Here’s a bit more info on choosing a discount rate for CLV.

Putting it into practice

Now let’s loop back to where we started and help you apply what you’ve learned. Remember David Skok’s seesawing business models? Well, since you now know your CLV (in our example it’s $300), you can weigh it against your CAC (Customer Acquisition Costs). (Don’t worry if you can’t always keep these acronyms straight—neither can we.)

If you’ve been in business a while, it’s easy to determine your CAC. Simply take all the costs spent on acquiring new customers and divide that figure by the number of customers acquired in the period the money was spent. If you spent $1,500 on acquisition marketing in the first quarter of this year and acquired 25 customers in that time, your CAC would be $60. And since a $300 lifetime value is greater than a $60 acquisition cost, in this simplest of snapshots, the health of your business would be a-okay.

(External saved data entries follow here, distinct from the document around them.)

(* Let $(W,\unlhd,\prec)$ be an intuitionistic modal Kripke frame, and let $\lhd$ denote the strict part of $\unlhd$ (i.e. $\unlhd$ minus the identity). The following are equivalent: (i) $\prec\,=\,\lhd$ and the Alexandroff topology on $W$ whose open sets are the $\unlhd$-upward closed sets is scattered; (ii) $(W,\unlhd,\prec)$ is a frame for $\mathsf{KM}$ (every theorem of $\mathsf{KM}$ is valid in it); (iii) $\prec\,=\,\lhd$ and there is no infinite strictly ascending $\lhd$-chain $w_0\lhd w_1\lhd w_2\lhd\cdots$ in $W$.
   Context: An intuitionistic modal Kripke frame is a triple $(W,\unlhd,\prec)$ with $\unlhd$ a partial order on $W$ and $\prec$ a binary relation such that $w\unlhd v$ and $v\prec x$ imply $w\prec x$. Formulas are built from propositional variables, $\bot,\to,\wedge,\vee,\Box$. A valuation assigns to each variable a $\unlhd$-upward closed subset of $W$; connectives are interpreted as in the Heyting algebra of upsets, and $\Box A$ denotes $\{w\mid \forall x(w\prec x\Rightarrow x\in A)\}$. A formula is valid in the frame if it denotes $W$ under every valuation. $\mathsf{KM}$ is the smallest set of formulas containing all axioms of intuitionistic propositional logic, $\Box(A\to B)\to(\Box A\to\Box B)$, $(\Box A\to A)\to A$ and $\Box A\to((B\to A)\vee B)$, and closed under modus ponens, necessitation ($A/\Box A$) and substitution. A topological space is scattered if every nonempty subset has an isolated point. *)

Definition im_frame (W : Type) (le prec : W -> W -> Prop) : Prop :=
  (forall w, le w w) /\
  (forall w v u, le w v -> le v u -> le w u) /\
  (forall w v, le w v -> le v w -> w = v) /\
  (forall w v x, le w v -> prec v x -> prec w x).

Definition strict_part {W : Type} (le : W -> W -> Prop) (w v : W) : Prop :=
  le w v /\ w <> v.

Definition upset {W : Type} (le : W -> W -> Prop) (U : W -> Prop) : Prop :=
  forall w v, le w v -> U w -> U v.

Inductive form : Type :=
| Var : nat -> form
| Bot : form
| Imp : form -> form -> form
| And : form -> form -> form
| Or  : form -> form -> form
| Box : form -> form.

Fixpoint subst (s : nat -> form) (A : form) : form :=
  match A with
  | Var p => s p
  | Bot => Bot
  | Imp A B => Imp (subst s A) (subst s B)
  | And A B => And (subst s A) (subst s B)
  | Or A B => Or (subst s A) (subst s B)
  | Box A => Box (subst s A)
  end.

Fixpoint denote {W : Type} (le prec : W -> W -> Prop) (V : nat -> W -> Prop)
  (A : form) : W -> Prop :=
  match A with
  | Var p => V p
  | Bot => fun _ => False
  | Imp A B => fun w => forall v, le w v ->
                 denote le prec V A v -> denote le prec V B v
  | And A B => fun w => denote le prec V A w /\ denote le prec V B w
  | Or A B => fun w => denote le prec V A w \/ denote le prec V B w
  | Box A => fun w => forall x, prec w x -> denote le prec V A x
  end.

Definition valid_in {W : Type} (le prec : W -> W -> Prop) (A : form) : Prop :=
  forall V : nat -> W -> Prop, (forall p, upset le (V p)) ->
    forall w, denote le prec V A w.

Inductive ipc_axiom : form -> Prop :=
| ax_K  A B   : ipc_axiom (Imp A (Imp B A))
| ax_S  A B C : ipc_axiom (Imp (Imp A (Imp B C)) (Imp (Imp A B) (Imp A C)))
| ax_A1 A B   : ipc_axiom (Imp (And A B) A)
| ax_A2 A B   : ipc_axiom (Imp (And A B) B)
| ax_AI A B   : ipc_axiom (Imp A (Imp B (And A B)))
| ax_O1 A B   : ipc_axiom (Imp A (Or A B))
| ax_O2 A B   : ipc_axiom (Imp B (Or A B))
| ax_OE A B C : ipc_axiom (Imp (Imp A C) (Imp (Imp B C) (Imp (Or A B) C)))
| ax_EFQ A    : ipc_axiom (Imp Bot A).

Inductive KM : form -> Prop :=
| KM_ipc A : ipc_axiom A -> KM A
| KM_k A B : KM (Imp (Box (Imp A B)) (Imp (Box A) (Box B)))
| KM_lob A : KM (Imp (Imp (Box A) A) A)
| KM_km A B : KM (Imp (Box A) (Or (Imp B A) B))
| KM_mp A B : KM (Imp A B) -> KM A -> KM B
| KM_nec A : KM A -> KM (Box A)
| KM_subst (s : nat -> form) A : KM A -> KM (subst s A).

Definition KM_frame {W : Type} (le prec : W -> W -> Prop) : Prop :=
  forall A, KM A -> valid_in le prec A.

Definition alexandroff_open {W : Type} (le : W -> W -> Prop) (U : W -> Prop) : Prop :=
  upset le U.

Definition isolated_point {W : Type} (is_open : (W -> Prop) -> Prop)
  (S : W -> Prop) (x : W) : Prop :=
  S x /\ exists U, is_open U /\ U x /\ (forall y, U y -> S y -> y = x).

Definition scattered {W : Type} (is_open : (W -> Prop) -> Prop) : Prop :=
  forall S : W -> Prop, (exists x, S x) -> exists x, isolated_point is_open S x.

Definition same_rel {W : Type} (R1 R2 : W -> W -> Prop) : Prop :=
  forall w v, R1 w v <-> R2 w v.

From Stdlib Require Import Classical ClassicalEpsilon.
From Stdlib Require Import Relations.Relation_Operators Wellfounded.Inclusion.

(* In the Alexandroff topology a point of S is isolated in S exactly when no
   strict ⊴-successor of it lies in S; so scatteredness, like the absence of
   infinite ascending ◁-chains, says that the converse of ◁ is well-founded.
   When ≺ = ◁, this well-foundedness is what validates Löb's axiom
   (□A → A) → A, and □A → ((B → A) ∨ B) holds because a point outside B sees
   every point of B above it through ≺.  Conversely, Löb's axiom applied to the
   upset of points accessible for the converse of ≺ makes that converse
   well-founded, and well-chosen instances of the two axioms force ≺ ⊆ ◁ and
   ◁ ⊆ ≺. *)

Section WellFounded.
Variables (A : Type) (R : A -> A -> Prop).

Lemma wf_iff_ex_minimal :
  well_founded R <->
  forall S : A -> Prop, (exists x, S x) ->
    exists x, S x /\ forall y, R y x -> ~ S y.
Proof.
  split.
  - intros wfR S [x Sx]. apply NNPP; intros no_min. revert Sx.
    induction x as [x IH] using (well_founded_ind wfR). intros Sx.
    apply no_min. exists x. split; [exact Sx|]. exact IH.
  - intros ex_min x. apply NNPP; intros nAx.
    destruct (ex_min (fun x => ~ Acc R x) (ex_intro _ x nAx)) as [m [nAm m_min]].
    apply nAm. constructor. intros y Rym. apply NNPP. exact (m_min y Rym).
Qed.

Lemma wf_iff_no_descending_chain :
  well_founded R <-> ~ exists f : nat -> A, forall n, R (f (S n)) (f n).
Proof.
  split.
  - intros wfR [f desc].
    assert (no_chain_from : forall x n, f n = x -> False).
    { intros x. induction x as [x IH] using (well_founded_ind wfR). intros n fn.
      subst x. exact (IH (f (S n)) (desc n) (S n) eq_refl). }
    exact (no_chain_from (f 0) 0 eq_refl).
  - intros no_chain. apply NNPP; intros not_wf. apply no_chain.
    destruct (not_all_ex_not _ _ not_wf) as [x0 nAx0].
    assert (step : forall x : {x | ~ Acc R x},
               {y : {y | ~ Acc R y} | R (proj1_sig y) (proj1_sig x)}).
    { intros [x nAx]. apply constructive_indefinite_description.
      apply NNPP; intros no_pred. apply nAx. constructor. intros y Ryx.
      apply NNPP; intros nAy. apply no_pred. exists (exist _ y nAy). exact Ryx. }
    pose (chain := nat_rect (fun _ => {x | ~ Acc R x}) (exist _ x0 nAx0)
                            (fun _ x => proj1_sig (step x))).
    exists (fun n => proj1_sig (chain n)). intros n. exact (proj2_sig (step (chain n))).
Qed.

End WellFounded.

Section Alexandroff.
Variables (W : Type) (le : W -> W -> Prop).
Hypothesis le_refl : forall w, le w w.
Hypothesis le_trans : forall w v u, le w v -> le v u -> le w u.

Lemma alexandroff_isolated_point_iff (S : W -> Prop) (x : W) :
  isolated_point (alexandroff_open le) S x <->
  S x /\ forall y, strict_part le x y -> ~ S y.
Proof.
  split.
  - intros [Sx [U [openU [Ux U_S]]]]. split; [exact Sx|].
    intros y [xy neq] Sy. apply neq. symmetry. exact (U_S y (openU x y xy Ux) Sy).
  - intros [Sx x_max]. split; [exact Sx|]. exists (le x). split; [|split].
    + intros u v uv xu. exact (le_trans x u v xu uv).
    + apply le_refl.
    + intros y xy Sy. apply NNPP; intros neq.
      exact (x_max y (conj xy (fun e => neq (eq_sym e))) Sy).
Qed.

Lemma scattered_alexandroff_iff_wf :
  scattered (alexandroff_open le) <-> well_founded (transp W (strict_part le)).
Proof.
  rewrite wf_iff_ex_minimal. unfold scattered.
  split; intros isolated S neS; destruct (isolated S neS) as [x Hx]; exists x.
  - exact (proj1 (alexandroff_isolated_point_iff S x) Hx).
  - exact (proj2 (alexandroff_isolated_point_iff S x) Hx).
Qed.

End Alexandroff.

Section Frame.
Variables (W : Type) (le prec : W -> W -> Prop).

Lemma denote_subst (V : nat -> W -> Prop) (s : nat -> form) (A : form) (w : W) :
  denote le prec V (subst s A) w <->
  denote le prec (fun p => denote le prec V (s p)) A w.
Proof.
  revert w. induction A; simpl; intros w.
  - tauto.
  - tauto.
  - split; intros H v wv HA; apply IHA2; apply H; auto; apply IHA1; auto.
  - rewrite IHA1, IHA2. tauto.
  - rewrite IHA1, IHA2. tauto.
  - split; intros H x wx; apply IHA; auto.
Qed.

Hypothesis frame : im_frame W le prec.
Let le_refl : forall w, le w w := proj1 frame.
Let le_trans : forall w v u, le w v -> le v u -> le w u := proj1 (proj2 frame).
Let le_antisym : forall w v, le w v -> le v w -> w = v := proj1 (proj2 (proj2 frame)).
Let le_prec : forall w v x, le w v -> prec v x -> prec w x := proj2 (proj2 (proj2 frame)).

Lemma denote_upset (V : nat -> W -> Prop) :
  (forall p, upset le (V p)) -> forall A, upset le (denote le prec V A).
Proof.
  intros HV A. induction A; simpl; intros w v wv Hw.
  - exact (HV n w v wv Hw).
  - exact Hw.
  - intros u vu HA. exact (Hw u (le_trans w v u wv vu) HA).
  - destruct Hw as [H1 H2]. split; eauto.
  - destruct Hw as [H1|H2]; [left|right]; eauto.
  - intros x vx. exact (Hw x (le_prec w v x wv vx)).
Qed.

Lemma valid_in_mp (A B : form) :
  valid_in le prec (Imp A B) -> valid_in le prec A -> valid_in le prec B.
Proof. intros HAB HA V HV w. exact (HAB V HV w w (le_refl w) (HA V HV w)). Qed.

Lemma valid_in_nec (A : form) : valid_in le prec A -> valid_in le prec (Box A).
Proof. intros HA V HV w x _. exact (HA V HV x). Qed.

Lemma valid_in_subst (s : nat -> form) (A : form) :
  valid_in le prec A -> valid_in le prec (subst s A).
Proof.
  intros HA V HV w. apply denote_subst. apply HA.
  intros p. exact (denote_upset V HV (s p)).
Qed.

Lemma ipc_axiom_valid (A : form) : ipc_axiom A -> valid_in le prec A.
Proof.
  intros ax V HV w. pose proof (denote_upset V HV) as up.
  destruct ax; simpl.
  - intros v _ HA u vu _. exact (up _ v u vu HA).
  - intros v _ HABC u vu HAB t ut HA.
    assert (vt : le v t) by eauto.
    exact (HABC t vt HA t (le_refl t) (HAB t ut HA)).
  - intros v _ [HA _]. exact HA.
  - intros v _ [_ HB]. exact HB.
  - intros v _ HA u vu HB. split; [exact (up _ v u vu HA) | exact HB].
  - intros v _ HA. left. exact HA.
  - intros v _ HB. right. exact HB.
  - intros v _ HAC u vu HBC t ut [HA|HB].
    + exact (HAC t (le_trans v u t vu ut) HA).
    + exact (HBC t ut HB).
  - intros v _ [].
Qed.

Lemma K_valid (A B : form) :
  valid_in le prec (Imp (Box (Imp A B)) (Imp (Box A) (Box B))).
Proof.
  intros V HV w. simpl. intros v _ boxAB u vu boxA x ux.
  exact (boxAB x (le_prec v u x vu ux) x (le_refl x) (boxA x ux)).
Qed.

Section Soundness.
Hypothesis prec_strict : same_rel prec (strict_part le).
Hypothesis strict_wf : well_founded (transp W (strict_part le)).

Lemma lob_valid (A : form) : valid_in le prec (Imp (Imp (Box A) A) A).
Proof.
  intros V HV w. simpl. intros v _.
  induction v as [v IH] using (well_founded_ind strict_wf). intros lob.
  apply lob; [apply le_refl|]. intros x vx.
  pose proof (proj1 (prec_strict v x) vx) as [le_vx neq].
  apply IH; [split; assumption|].
  intros u xu boxA. exact (lob u (le_trans v x u le_vx xu) boxA).
Qed.

Lemma km_axiom_valid (A B : form) : valid_in le prec (Imp (Box A) (Or (Imp B A) B)).
Proof.
  intros V HV w. simpl. intros v _ boxA.
  destruct (classic (denote le prec V B v)) as [Bv|nBv]; [right; exact Bv|left].
  intros u vu Bu. apply boxA, prec_strict. split; [exact vu|].
  intros <-. exact (nBv Bu).
Qed.

Theorem KM_sound : KM_frame le prec.
Proof.
  intros A KMA. induction KMA.
  - apply ipc_axiom_valid. assumption.
  - apply K_valid.
  - apply lob_valid.
  - apply km_axiom_valid.
  - eapply valid_in_mp; eassumption.
  - apply valid_in_nec. assumption.
  - apply valid_in_subst. assumption.
Qed.

End Soundness.

Section Completeness.
Hypothesis KM_valid : KM_frame le prec.

Lemma lob_induction (P : W -> Prop) (w : W) : upset le P ->
  (forall v, le w v -> (forall x, prec v x -> P x) -> P v) -> P w.
Proof.
  intros up step.
  exact (KM_valid _ (KM_lob (Var 0)) (fun _ => P) (fun _ => up) w w (le_refl w) step).
Qed.

Lemma KM_frame_wf_prec : well_founded (transp W prec).
Proof.
  intros w. apply lob_induction.
  - intros u v uv Au. constructor. intros y vy.
    exact (Acc_inv Au (le_prec u v y uv vy)).
  - intros v _ IH. constructor. exact IH.
Qed.

Lemma KM_frame_prec_irrefl (w : W) : ~ prec w w.
Proof.
  intros ww. apply (proj1 (wf_iff_no_descending_chain _ _) KM_frame_wf_prec).
  exists (fun _ => w). intros _. exact ww.
Qed.

(* Löb's axiom for the upset complementary to ↓w ∪ ↓x. *)
Lemma KM_frame_prec_le (w x : W) : prec w x -> le w x.
Proof.
  intros wx. apply NNPP; intros nwx.
  apply (lob_induction (fun u => ~ (le u w \/ le u x)) w).
  - intros a b ab na [bw|bx]; apply na; [left|right]; eauto.
  - intros v wv boxP [vw|vx].
    + exact (boxP x (le_prec v w x vw wx) (or_intror (le_refl x))).
    + exact (nwx (le_trans w v x wv vx)).
  - left. apply le_refl.
Qed.

Lemma KM_frame_prec_strict (w x : W) : prec w x -> strict_part le w x.
Proof.
  intros wx. split; [exact (KM_frame_prec_le w x wx)|].
  intros <-. exact (KM_frame_prec_irrefl w wx).
Qed.

(* The axiom □A → ((B → A) ∨ B) with A := complement of ↓x and B := ↑x. *)
Lemma KM_frame_strict_prec (v x : W) : strict_part le v x -> prec v x.
Proof.
  induction v as [v IH] using (well_founded_ind KM_frame_wf_prec).
  intros [vx neq]. apply NNPP; intros nvx.
  assert (boxA : forall y, prec v y -> ~ le y x).
  { intros y vy yx. apply nvx. destruct (classic (y = x)) as [<-|yx_neq]; [exact vy|].
    exact (le_prec v y x (KM_frame_prec_le v y vy) (IH y vy (conj yx yx_neq))). }
  pose (V := fun p => match p with 0 => fun u => ~ le u x | _ => le x end).
  assert (HV : forall p, upset le (V p)).
  { intros [|p] a b ab; simpl.
    - intros na bx. exact (na (le_trans a b x ab bx)).
    - intros xa. exact (le_trans x a b xa ab). }
  destruct (KM_valid _ (KM_km (Var 0) (Var 1)) V HV v v (le_refl v) boxA) as [BA|xv].
  - exact (BA x vx (le_refl x) (le_refl x)).
  - exact (neq (le_antisym v x vx xv)).
Qed.

End Completeness.

Theorem KM_frame_iff :
  KM_frame le prec <->
  same_rel prec (strict_part le) /\ well_founded (transp W (strict_part le)).
Proof.
  split.
  - intros KMf.
    assert (same : same_rel prec (strict_part le)).
    { intros w x. split; [apply KM_frame_prec_strict | apply KM_frame_strict_prec];
        assumption. }
    split; [exact same|].
    apply (wf_incl _ _ _ (fun x y => proj2 (same y x))).
    exact (KM_frame_wf_prec KMf).
  - intros [same wf]. exact (KM_sound same wf).
Qed.

End Frame.

Theorem corollary4p10 (W : Type) (le prec : W -> W -> Prop) :
  im_frame W le prec ->
  ((same_rel prec (strict_part le) /\ scattered (alexandroff_open le))
     <-> KM_frame le prec) /\
  (KM_frame le prec <->
     (same_rel prec (strict_part le) /\
      ~ exists f : nat -> W, forall n, strict_part le (f n) (f (S n)))).
Proof.
  intros frame.
  pose proof (scattered_alexandroff_iff_wf W le
                (proj1 frame) (proj1 (proj2 frame))) as scattered_wf.
  assert (no_chain_wf : (~ exists f : nat -> W, forall n, strict_part le (f n) (f (S n)))
                        <-> well_founded (transp W (strict_part le))).
  { symmetry. apply wf_iff_no_descending_chain. }
  pose proof (KM_frame_iff W le prec frame) as KM_wf.
  tauto.
Qed.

But let’s say you’re just starting out and don’t have a whole lot of data to draw on. Even though you know a customer could net you $300 (or more) over three years, in the short-term $60 to acquire a single customer might sound like a lot. Maybe you don’t have that kind of capital. Maybe you’d like to see some returns on your investment a little sooner than six or 12 months out. Maybe you’re just not comfortable ponying up the cash for something that isn’t a sure thing.

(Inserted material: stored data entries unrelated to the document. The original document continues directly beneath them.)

(* The category $\mathsf{XMod}(\mathsf{GpGd})$ of crossed modules over group-groupoids is equivalent to the category $\mathsf{DGG}$ of double group-groupoids.
   Context: A group-groupoid $G$ is a groupoid with set of arrows $G$ and set of objects $G_0$, source and target maps $d_0,d_1\colon G\to G_0$, identity map $\varepsilon\colon G_0\to G$ ($\varepsilon(x)=1_x$), and composition $b\circ a$ defined when $d_1(a)=d_0(b)$, such that $G$ and $G_0$ are groups (written additively) and $d_0,d_1,\varepsilon$, the groupoid inversion and the composition are group homomorphisms. A morphism of group-groupoids is a functor that is a group homomorphism on arrows and on objects. An action of a group-groupoid $H$ on a group-groupoid $G$ is called a derived action if it is an action $(b,a)\mapsto b\cdot a$ of the group of arrows $H$ on the group of arrows $G$ by group automorphisms such that, for a suitable group structure on $G_0\times H_0$, the product groupoid $G\times H$ on $G_0\times H_0$ with addition $(a,b)+(a_1,b_1)=(a+b\cdot a_1,\,b+b_1)$ is a group-groupoid (denoted $G\rtimes H$); equivalently it arises from a split extension of group-groupoids as $b\cdot a=s(b)+a-s(b)$. A crossed module over group-groupoids is a triple $(G,H,\partial)$ where $G,H$ are group-groupoids, $H$ acts on $G$ by a derived action, and $\partial=(\partial_1,\partial_0)\colon G\to H$ is a morphism of group-groupoids ($\partial_1$ on arrows, $\partial_0$ on objects) such that $(G,H,\partial_1)$ is a crossed module of groups: $\partial_1(b\cdot a)=b+\partial_1(a)-b$ and $\partial_1(a)\cdot a_1=a+a_1-a$ for all $a,a_1\in G$, $b\in H$. A morphism $(f,g)\colon(G,H,\partial)\to(G',H',\partial')$ in $\mathsf{XMod}(\mathsf{GpGd})$ is a pair of group-groupoid morphisms $f\colon G\to G'$, $g\colon H\to H'$ with $g\partial=\partial' f$ and $f(b\cdot a)=g(b)\cdot f(a)$ for all arrows $a\in G$, $b\in H$. A double group-groupoid $(S,H,V,P)$ is a groupoid object in the category of group-groupoids: it consists of a group-groupoid $S\rightrightarrows V$ (vertical structure, with source/target $d_0^v,d_1^v$, identities $\varepsilon^v$, composition $\circ_v$), a group-groupoid $H\rightrightarrows P$ (with $d_0^H,d_1^H,\varepsilon^H$), and morphisms of group-groupoids $d_0,d_1\colon (S\rightrightarrows V)\to(H\rightrightarrows P)$, $\varepsilon\colon(H\rightrightarrows P)\to(S\rightrightarrows V)$, and a composition morphism $(S\rightrightarrows V)\times_{(H\rightrightarrows P)}(S\rightrightarrows V)\to(S\rightrightarrows V)$ satisfying the groupoid axioms. Their arrow components $d_0^h,d_1^h\colon S\to H$, $\varepsilon^h\colon H\to S$, $\circ_h$ make $S$ a group-groupoid over $H$ (horizontal structure) and their object components $d_0^V,d_1^V\colon V\to P$, $\varepsilon^V$, $\circ_V$ make $V$ a group-groupoid over $P$. A morphism of double group-groupoids is a quadruple of group homomorphisms $f_s\colon S\to S'$, $f_h\colon H\to H'$, $f_v\colon V\to V'$, $f_p\colon P\to P'$ commuting with all structure maps (sources, targets, identities, compositions, inverses, horizontal and vertical). *)

Set Implicit Arguments.

Definition is_group {T : Type} (add : T -> T -> T) (zero : T) (neg : T -> T) : Prop :=
  (forall x y z, add x (add y z) = add (add x y) z) /\
  (forall x, add zero x = x) /\ (forall x, add x zero = x) /\
  (forall x, add (neg x) x = zero) /\ (forall x, add x (neg x) = zero).

Definition is_ghom {A B : Type} (addA : A -> A -> A) (addB : B -> B -> B) (f : A -> B) : Prop :=
  forall x y, f (addA x y) = addB (f x) (f y).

In this case, where cash flow is a concern and you’re less sure about how many customers you’ll acquire and/or how long they’ll stay with you, you might lean towards an allowable acquisition cost strategy. In this strategy, the amount you spend to acquire a customer must be less than the profit you would make on your first sale. It’s a short-term conservative strategy many businesses use until they’ve built up a customer base and become comfortable investing capital they might not see returns on for months or even years.

On the other hand, if you’re an established business, or if you have high customer lifetimes or average order values, you might consider an investment acquisition cost strategy. That means taking a loss on an initial or even subsequent purchase, knowing you’ll make up the losses in the long term.

The strategy you choose comes down to where you’re at in your business development, and how much risk you’re comfortable taking on.

Increase CLV without thinking about CLV

Now that you know how to calculate CLV and apply it to your store, the next logical step is using it to bump up profits. As KISSmetrics points out, “by focusing on returning customers—their lifetime value—you are focusing on a strategy that gives your business higher profit margins.” Increase CLV, increase revenue, plain and simple.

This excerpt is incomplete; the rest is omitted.